Rallis India, a Tata Group company, is cautiously optimistic on the kharif season after the delayed onset of the monsoon. After cutting down on its crop protection inventories last two quarters, it is gearing up with new product launches. V Shankar, Managing Director, Rallis India, spoke to BusinessLine on kharif crop and way ahead for the company. Excerpts:
How do you see the progress of the monsoon?
The onset of the monsoon was delayed by over 10 days which was really worrisome because it was the third consecutive year of deficiency. So much of expectation was built up right from February-March as everybody was forecasting a good monsoon. We were actually disappointed when there were weather disturbances. The deficiency was high at 25 per cent but slowly it started changing. By June-end, the deficiency was reduced to 11 per cent in contrast to the same month last year when it was a drought year.
We are looking forward to have positive months of July, August and September. The forecast is that rains will be normal. As long as we do not have any long dry spells like last year the crop conditions will improve. Importantly, we also should not have short big burst of rains. We have to wait and see, but right now things have dramatically improved. Usage of our products have picked up. We expect conditions should improve next quarter. Progress of monsoon from here on will be crucial.
Have you implemented any price increase?
In the first quarter, we had lot of pricing pressure. We were also cautious and had tight control on our receivables and inventories, given the conditions were tough. We have done well on cash and control over our working capital. Our finance cost has come down due to reduction in working capital. In these conditions, we have also not placed lot of stocks in the market. Of course, the June quarter has been largely of seeds through Metahelix. We were planning for a better performance but during the Rabi season the yields got affected due to water shortage. Therefore, the availability of seeds for sale was less in cotton and few hybrids in paddy and corn. In crop protection, we expect the usage to go up. The launch of new crop protection Summit cotton, soyabean and chilli crops should also help.
Are farmers cutting down on expenses?
After consequent bad seasons for last couple of years, hopefully they will not do it. They badly need a good harvest. They will not cut down on their investments.
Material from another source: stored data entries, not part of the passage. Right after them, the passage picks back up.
(* Let $I=[x_0,x_N]$ with partition $x_0<x_1<\dots<x_N$, and for $i\in\{1,\dots,N\}$ let $I_i=[x_{i-1},x_i]$, $a_i=\frac{x_i-x_{i-1}}{x_N-x_0}$, $l_i(x)=a_ix+\frac{x_Nx_{i-1}-x_0x_i}{x_N-x_0}$ (so $l_i:I\to I_i$ is an affine bijection) and $Q_i=l_i^{-1}:I_i\to I$. Let $0<d\le 1$ and $f\in Lip_d(I)$. For $r\in\mathbb{N}$ let $b_r\in Lip_{d,f}(I)$ with $\|b\|_d:=\sup_{r\in\mathbb{N}}\|b_r\|_d<\infty$, and let $\alpha_{i,r}\in Lip_d(I)$ ($i=1,\dots,N$, $r\in\mathbb{N}$) satisfy $\max_{1\le i\le N}\frac{\|\alpha_{i,r}\|_d}{a_i^d}<\frac12$ for each $r$. Define $T^{\alpha_r}$ on $Lip_{d,f}(I)$ by $$(T^{\alpha_r}g)(x)=f(x)+\alpha_{i,r}(Q_i(x))\,g(Q_i(x))-\alpha_{i,r}(Q_i(x))\,b_r(Q_i(x)),\qquad x\in I_i,\ i=1,\dots,N.$$ Then: (1) $T^{\alpha_r}$ is well defined as a map $Lip_{d,f}(I)\to Lip_{d,f}(I)$; (2) $T^{\alpha_r}:Lip_{d,f}(I)\to Lip_{d,f}(I)$ is a contraction with respect to $\|\cdot\|_d$; (3) there exists a unique function $f^\alpha_{b,Lip_d}\in Lip_{d,f}(I)$ such that for every $g\in Lip_{d,f}(I)$ the sequence $T^{\alpha_1}\circ T^{\alpha_2}\circ\cdots\circ T^{\alpha_r}g$ converges (as $r\to\infty$) to $f^\alpha_{b,Lip_d}$.
   Context: For $g:I\to\mathbb{R}$ and $0<d\le1$, $Lip_d(g)=\sup\{|g(x)-g(y)|/|x-y|^d: x,y\in I, x\ne y\}$; $Lip_d(I)=\{g:I\to\mathbb{R}: Lip_d(g)<\infty\}$ with norm $\|g\|_d=\max\{\|g\|_\infty, Lip_d(g)\}$, a Banach space. $Lip_{d,f}(I)=\{g\in Lip_d(I): g(x_0)=f(x_0),\ g(x_N)=f(x_N)\}$, a closed subspace. Convergence in (3) is with respect to $\|\cdot\|_d$. *)

From Stdlib Require Import Reals Lra.
From Coquelicot Require Import Coquelicot.
Open Scope R_scope.

Definition inI (u v x : R) : Prop := u <= x <= v.

Definition lip_quot (d u v : R) (g : R -> R) (z : R) : Prop :=
  exists x y, inI u v x /\ inI u v y /\ x <> y /\
    z = Rabs (g x - g y) / Rpower (Rabs (x - y)) d.

Definition Lipd_sn (d u v : R) (g : R -> R) : R := real (Lub_Rbar (lip_quot d u v g)).

Definition in_Lipd (d u v : R) (g : R -> R) : Prop :=
  exists M, forall z, lip_quot d u v g z -> z <= M.

Definition sup_norm (u v : R) (g : R -> R) : R :=
  real (Lub_Rbar (fun z => exists x, inI u v x /\ z = Rabs (g x))).

Definition normd (d u v : R) (g : R -> R) : R :=
  Rmax (sup_norm u v g) (Lipd_sn d u v g).

Definition in_Lipdf (d u v : R) (f g : R -> R) : Prop :=
  in_Lipd d u v g /\ g u = f u /\ g v = f v.

Definition a_coef (xs : nat -> R) (N i : nat) : R :=
  (xs i - xs (i - 1)%nat) / (xs N - xs 0%nat).

Definition l_map (xs : nat -> R) (N i : nat) (x : R) : R :=
  a_coef xs N i * x + (xs N * xs (i - 1)%nat - xs 0%nat * xs i) / (xs N - xs 0%nat).

Definition Q_map (xs : nat -> R) (N i : nat) (x : R) : R :=
  (x - (xs N * xs (i - 1)%nat - xs 0%nat * xs i) / (xs N - xs 0%nat)) / a_coef xs N i.

Definition T_branch (xs : nat -> R) (N : nat) (f : R -> R) (alpha : nat -> R -> R)
  (b : R -> R) (g : R -> R) (i : nat) (x : R) : R :=
  f x + alpha i (Q_map xs N i x) * g (Q_map xs N i x)
      - alpha i (Q_map xs N i x) * b (Q_map xs N i x).

(* least i in {1,...,N} with x <= xs i (and N if there is none) *)
Fixpoint pick_aux (xs : nat -> R) (x : R) (i n : nat) : nat :=
  match n with
  | O => i
  | S n' => if Rle_dec x (xs i) then i else pick_aux xs x (S i) n'
  end.

Definition pick_index (xs : nat -> R) (N : nat) (x : R) : nat :=
  pick_aux xs x 1 (N - 1).

(* T^{alpha_r} g, defined on I_i by the i-th branch (choosing the least such i
   at the partition points; part (1) of the theorem says the choice is irrelevant). *)
Definition T_op (xs : nat -> R) (N : nat) (f : R -> R) (alpha : nat -> R -> R)
  (b : R -> R) (g : R -> R) : R -> R :=
  fun x => T_branch xs N f alpha b g (pick_index xs N x) x.

(* T^{alpha_1} o T^{alpha_2} o ... o T^{alpha_r} (sequences indexed from 0:
   Tcomp r g = T_0 (T_1 ( ... (T_{r-1} g)))) *)
Fixpoint Tcomp (Tr : nat -> (R -> R) -> (R -> R)) (r : nat) (g : R -> R) : R -> R :=
  match r with
  | O => g
  | S r' => Tcomp Tr r' (Tr r' g)
  end.

(* On the piece [I_i], [T g - T h] is [(alpha_i o Q_i) * ((g - h) o Q_i)], where [g - h]
   vanishes at both ends of [I].  Composing with [Q_i] multiplies Hölder quotients by
   [a_i ^ -d], which the hypothesis [||alpha_i||_d < a_i ^ d / 2] pays for; two points in
   different pieces are compared through the piece ends, where the product vanishes.  This
   makes each [T^{alpha_r}] a contraction for [||.||_d].  Those constants need not stay
   uniformly below 1 as [r] varies, but every [T^{alpha_r}] contracts the equivalent norm
   [2 ||.||_oo + Lip_d] by the fixed factor [max (3/4, (1 + 2^-d) / 2)].  Hence the forward
   compositions [T^{alpha_1} o ... o T^{alpha_r} g] converge geometrically, to a limit that
   does not depend on [g]. *)

From Stdlib Require Import Reals Lra Lia.
From Coquelicot Require Import Coquelicot.
Open Scope R_scope.

Lemma Rpower_gt0 x y : 0 < Rpower x y.
Proof. apply exp_pos. Qed.

Lemma Rpower_le_1 a d : 0 < a <= 1 -> 0 <= d -> Rpower a d <= 1.
Proof.
  intros Ha Hd. assert (E : Rpower 1 d = 1).
  { unfold Rpower. rewrite ln_1, Rmult_0_r. apply exp_0. }
  rewrite <- E. apply Rle_Rpower_l; lra.
Qed.

Lemma Rpower_half_lt_1 d : 0 < d -> Rpower (/ 2) d < 1.
Proof.
  intros Hd. unfold Rpower. rewrite <- exp_0. apply exp_increasing.
  assert (ln (/ 2) < 0) by (rewrite <- ln_1; apply ln_increasing; lra). nra.
Qed.

Lemma real_Lub_Rbar_le (E : R -> Prop) K :
  0 <= K -> (forall z, E z -> z <= K) -> real (Lub_Rbar E) <= K.
Proof.
  intros HK H. destruct (Lub_Rbar_correct E) as [_ Hlub].
  specialize (Hlub (Finite K) H).
  destruct (Lub_Rbar E); simpl in *; [exact Hlub | contradiction | lra].
Qed.

Lemma le_real_Lub_Rbar (E : R -> Prop) z M :
  E z -> (forall z, E z -> z <= M) -> z <= real (Lub_Rbar E).
Proof.
  intros Hz H. destruct (Lub_Rbar_correct E) as [Hub Hlub].
  specialize (Hlub (Finite M) H). specialize (Hub z Hz).
  destruct (Lub_Rbar E); simpl in *; [exact Hub | contradiction | contradiction].
Qed.

(** * Hölder bounds *)

Definition sup_bounded (u v M : R) (h : R -> R) : Prop :=
  forall x, inI u v x -> Rabs (h x) <= M.

Definition holder (d u v L : R) (h : R -> R) : Prop :=
  forall x y, inI u v x -> inI u v y -> x <> y ->
    Rabs (h x - h y) <= L * Rpower (Rabs (x - y)) d.

Section HolderBounds.

Variables d u v : R.

Lemma lip_quot_le_of_holder L h z : holder d u v L h -> lip_quot d u v h z -> z <= L.
Proof.
  intros Hh [x [y [Hx [Hy [Hxy ->]]]]].
  apply Rle_div_l; [apply Rpower_gt0 | auto].
Qed.

Lemma holder_in_Lipd L h : holder d u v L h -> in_Lipd d u v h.
Proof. intros Hh. exists L. intros z. apply lip_quot_le_of_holder, Hh. Qed.

Lemma normd_le_of_bounds K h :
  0 <= K -> sup_bounded u v K h -> holder d u v K h -> normd d u v h <= K.
Proof.
  intros HK Hs Hh. apply Rmax_lub; apply real_Lub_Rbar_le; auto.
  - intros z [x [Hx ->]]. auto.
  - intros z. apply lip_quot_le_of_holder, Hh.
Qed.

Lemma in_Lipd_holder h : in_Lipd d u v h -> holder d u v (normd d u v h) h.
Proof.
  intros [M HM] x y Hx Hy Hxy.
  apply Rle_div_l; [apply Rpower_gt0 |].
  apply Rle_trans with (Lipd_sn d u v h); [| apply Rmax_r].
  apply (le_real_Lub_Rbar _ _ M); auto. exists x, y. auto.
Qed.

Hypotheses (Huv : u <= v) (Hd : 0 < d).

Lemma in_Lipd_bounded h : in_Lipd d u v h -> exists K, sup_bounded u v K h.
Proof.
  intros [M HM]. exists (Rabs (h u) + Rabs M * Rpower (v - u + 1) d). intros x Hx.
  assert (Hpos : 0 <= Rabs M * Rpower (v - u + 1) d).
  { apply Rmult_le_pos; [apply Rabs_pos | left; apply Rpower_gt0]. }
  destruct (Req_dec x u) as [-> | Hxu]; [lra |].
  assert (Hdist : Rpower (Rabs (x - u)) d <= Rpower (v - u + 1) d).
  { unfold inI in Hx. apply Rle_Rpower_l; [lra |].
    split; [apply Rabs_pos_lt; lra | rewrite Rabs_right; lra]. }
  assert (Hq : Rabs (h x - h u) <= M * Rpower (Rabs (x - u)) d).
  { apply Rle_div_l; [apply Rpower_gt0 |]. apply HM. exists x, u.
    unfold inI in *. repeat split; auto; lra. }
  assert (M * Rpower (Rabs (x - u)) d <= Rabs M * Rpower (v - u + 1) d).
  { apply Rle_trans with (Rabs M * Rpower (Rabs (x - u)) d).
    - apply Rmult_le_compat_r; [left; apply Rpower_gt0 | apply Rle_abs].
    - apply Rmult_le_compat_l; [apply Rabs_pos | exact Hdist]. }
  assert (Rabs (h x) <= Rabs (h u) + Rabs (h x - h u)).
  { replace (h x) with (h u + (h x - h u)) at 1 by ring. apply Rabs_triang. }
  lra.
Qed.

Lemma in_Lipd_sup_bounded h : in_Lipd d u v h -> sup_bounded u v (normd d u v h) h.
Proof.
  intros Hh. destruct (in_Lipd_bounded h Hh) as [K HK]. intros x Hx.
  apply Rle_trans with (sup_norm u v h); [| apply Rmax_l].
  apply (le_real_Lub_Rbar _ _ K); [exists x; auto |].
  intros z [y [Hy ->]]. auto.
Qed.

Lemma normd_ge0 h : in_Lipd d u v h -> 0 <= normd d u v h.
Proof.
  intros Hh. apply Rle_trans with (Rabs (h u)); [apply Rabs_pos |].
  apply in_Lipd_sup_bounded; auto. unfold inI; lra.
Qed.

End HolderBounds.

Section BoundAlgebra.

Variables d u v : R.

Lemma sup_bounded_le K K' h : K <= K' -> sup_bounded u v K h -> sup_bounded u v K' h.
Proof. intros HK H x Hx. specialize (H x Hx). lra. Qed.

Lemma holder_le K K' h : K <= K' -> holder d u v K h -> holder d u v K' h.
Proof.
  intros HK H x y Hx Hy Hxy. apply Rle_trans with (1 := H x y Hx Hy Hxy).
  apply Rmult_le_compat_r; [left; apply Rpower_gt0 | exact HK].
Qed.

Lemma sup_bounded_ext K h h' :
  (forall x, inI u v x -> h' x = h x) -> sup_bounded u v K h -> sup_bounded u v K h'.
Proof. intros E H x Hx. rewrite E; auto. Qed.

Lemma holder_ext K h h' :
  (forall x, inI u v x -> h' x = h x) -> holder d u v K h -> holder d u v K h'.
Proof. intros E H x y Hx Hy Hxy. rewrite (E x), (E y); auto. Qed.

Lemma sup_bounded_plus K1 K2 h1 h2 : sup_bounded u v K1 h1 -> sup_bounded u v K2 h2 ->
  sup_bounded u v (K1 + K2) (fun x => h1 x + h2 x).
Proof.
  intros H1 H2 x Hx. apply Rle_trans with (1 := Rabs_triang _ _).
  apply Rplus_le_compat; auto.
Qed.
They would really want to optimise on this season. Crop protection prices have been under pressure and it may relent in the second quarter. There has been a pressure on prices – particularly for generic products where the inventories are high. In June, there was a kind of anxiety situation with delayed rains. Now that things are looking up farmers may want to capitalise on it. The stressed condition on prices should ease.
After series of pest attacks how are you seeing cotton crop this year?
I hope there will be a rebound. Yield should not get affected like last year. Prices are also firming up and the overall acreage is also down. Luckily, this year rains have washed off the pests so we are not hearing a difficult situation like last year. We hope the cotton economy will bounce back.
Have you signed any new contract manufacturing for your Dahej plant?
We have been qualified by a couple of companies and talks have moved to next phase. Globally, things are a bit stressed. They are going through a big phase of restructuring. Things will look very different in a year’s time. With consolidation and restructuring globally, outsourcing to India will increase. Many corporates want to outsource manufacturing as a strategy because they want to be more efficient on capital. Traditionally, lot of contracts go to China but they are looking at India as a potential source for manufacturing. It is because costs are moving up in China and IP (intellectual property) consideration also comes into play. Also, they are looking to diversify as they do not want to put all eggs in one basket. They want India also to measure up to their standards in terms of agility, cost and scale. Timeline for getting the approval is one issue they face.